1. Greene HPC
1.1. Overview

The Greene cluster is named after Greene Street in SoHo, a neighborhood in Lower Manhattan near NYU. The cluster has also “green” characteristics, such as most of the cluster nodes are water cooled and it is deployed in a power efficient data center. NYU High Performance Computing (NYU HPC) provides access to state of the art supercomputer hardware and cloud services to eligible faculty and students across all of NYU.
Ranked #271 on the June 2020 edition of the Top 500 list (based on an extrapolated performance of 1.731 PF).
The cluster is accessed through login nodes which are nodes or servers dedicated to provide HPC users access to compute nodes. Compute nodes are more powerful and optimized to run computations as per the jobs submitted by HPC users.
1.2. Software
NYU Greene runs on Linux (RedHat Enterprise Linux 8.4) and it is advised to learn more about Linux if you are not familiar with it.
Linux Useful Links
NYU HPC uses SLURM for cluster workload management. Slurm is an open source, fault-tolerant, and highly scalable cluster management and job scheduling system for large and small Linux clusters. Slurm requires no kernel modifications for its operation and is relatively self-contained.
1.3. Hardware
The Total number of available nodes is 672
6 login nodes
670 compute nodes
524 Standard memory (180 GB)
40 Medium memory (360 GB)
4 Large memory (3,014 GB)
73 RTX8000 GPU nodes
20 V100 GPU nodes
9 A100 GPU nodes
6 administrative nodes
Total number of CPU cores is 31,584
Total number of GPU cards is 368
292 RTX8000 (48 GB)
76 V100 (32 GB)
Total primary memory is 163 TB
Total secondary memory is 9.5 PB
Tip
You can check current HPC Storage Status and HPC Resource Status through respective dashboards.
1.4. Network
Infiniband Network : for MPI and file system access.
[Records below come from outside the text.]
(* Baire-type argument: without isolated points, a decreasing sequence of clopen
   sets meeting X could avoid the n-th point of an enumeration of T at step n,
   yet by compactness the sets would still have a common point in X. *)
Lemma countable_compact_isolated (T : topologicalType) (X : set T) :
  compact [set: T] -> countable [set: T] -> zero_dimensional T ->
  closed X -> X !=set0 -> isolated X !=set0.
Proof.
move=> cptT cntT zdT clX [x0 Xx0]; apply/set0P/negP => /eqP noiso.
pose meets (K : set T) := clopen K /\ K `&` X !=set0.
have /countable_injP[h hinj] := cntT.
pose c n := xget x0 [set y | h y = n].
have c_h y : c (h y) = y.
  by apply: xget_unique => // z hz; apply: hinj; rewrite ?in_setT.
have [next nextP] : exists next : set T -> nat -> set T, forall K n,
    meets K -> [/\ meets (next K n), next K n `<=` K & ~ next K n (c n)].
  have /choice[f fP] : forall Kn : set T * nat, exists K',
      meets Kn.1 -> [/\ meets K', K' `<=` Kn.1 & ~ K' (c Kn.2)].
    case=> K n /=; have [[clK KX]|] := pselect (meets K); last by exists K.
    have [K' [? ? ? ?]] := clopen_avoid (c n) zdT noiso clK KX.
    by exists K'.
  by exists (fun K n => f (K, n)) => K n; exact: (fP (K, n)).
pose K := fix K n := if n is m.+1 then next (K m) m else setT.
have K_meets n : meets (K n).
  elim: n => [|n IH] /=; last by case: (nextP _ n IH).
  by split; [exact: clopenT|exists x0].
have K_dec n m : (n <= m)%N -> K m `<=` K n.
  move=> /subnK <-; elim: (m - n)%N => // k IH.
  have [_ sub _] := nextP _ (k + n)%N (K_meets (k + n)%N).
  exact: subset_trans sub IH.
pose F := filter_from [set: nat] (fun n => X `&` K n).
have FF : ProperFilter F.
  apply: filter_from_proper => [|n _]; last first.
    by case: (K_meets n) => _ [y []]; exists y.
  apply: filter_fromT_filter => [|i j]; first by exists 0%N.
  exists (maxn i j) => y [Xy Ky]; split; split=> //.
    exact: K_dec (leq_maxl i j) _ Ky.
  exact: K_dec (leq_maxr i j) _ Ky.
have [y [_ cly]] : [set: T] `&` cluster F !=set0 by apply: cptT; exact: filterT.
have : (X `&` K (h y).+1) y.
  have /closure_id -> : closed (X `&` K (h y).+1).
    by apply: closedI => //; case: (K_meets (h y).+1) => -[].
  by rewrite clusterE in cly; apply: cly; exists (h y).+1.
case=> _ /=; case: (nextP _ (h y) (K_meets (h y))) => _ _.
by rewrite c_h.
Qed.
Management Network : Ethernet 25Gbit used by admins for node provisioning.
Out-of-band Network : Ethernet 1Gbit used by admins.
External Network : All cluster ‘edge’ nodes, such as login nodes, admin nodes, and Data Transfer Nodes, are connected to the NYU High-Speed Research Network (HSRN).
1.5. Architecture

1.6. Workflow
One Time Setup
Log on to HPC login nodes via SSH.
Setup Anaconda environment.
Setup Visual Studio Code for easy project development. (Optional)
Setup Jupyter Notebook (Optional)
General Workflow
Log on to HPC login nodes via SSH.
Submit jobs on login nodes.
Your jobs will queue for execution on compute nodes.
Once done, examine the output.
Warning
Please refrain from running any compute intensive jobs on the login nodes. This can lead to your account getting suspended.
Interactive Worklow
Log on to HPC login nodes via SSH.
Request Interactive shell session with required resources.
Run jobs interactively on compute nodes.
Once done, release resources.
Tip
Avoid interactive sessions when possible, interactive sessions are generally less efficient and less environment friendly. It is advised to use batch jobs instead which are automatically managed with energy saving in mind.
Jupyter Lab Workflow
Log on to HPC web interface.
Request interactive Jupyter Notebook / Lab session.
Run notebooks.
Once done, shutdown kernels and exit.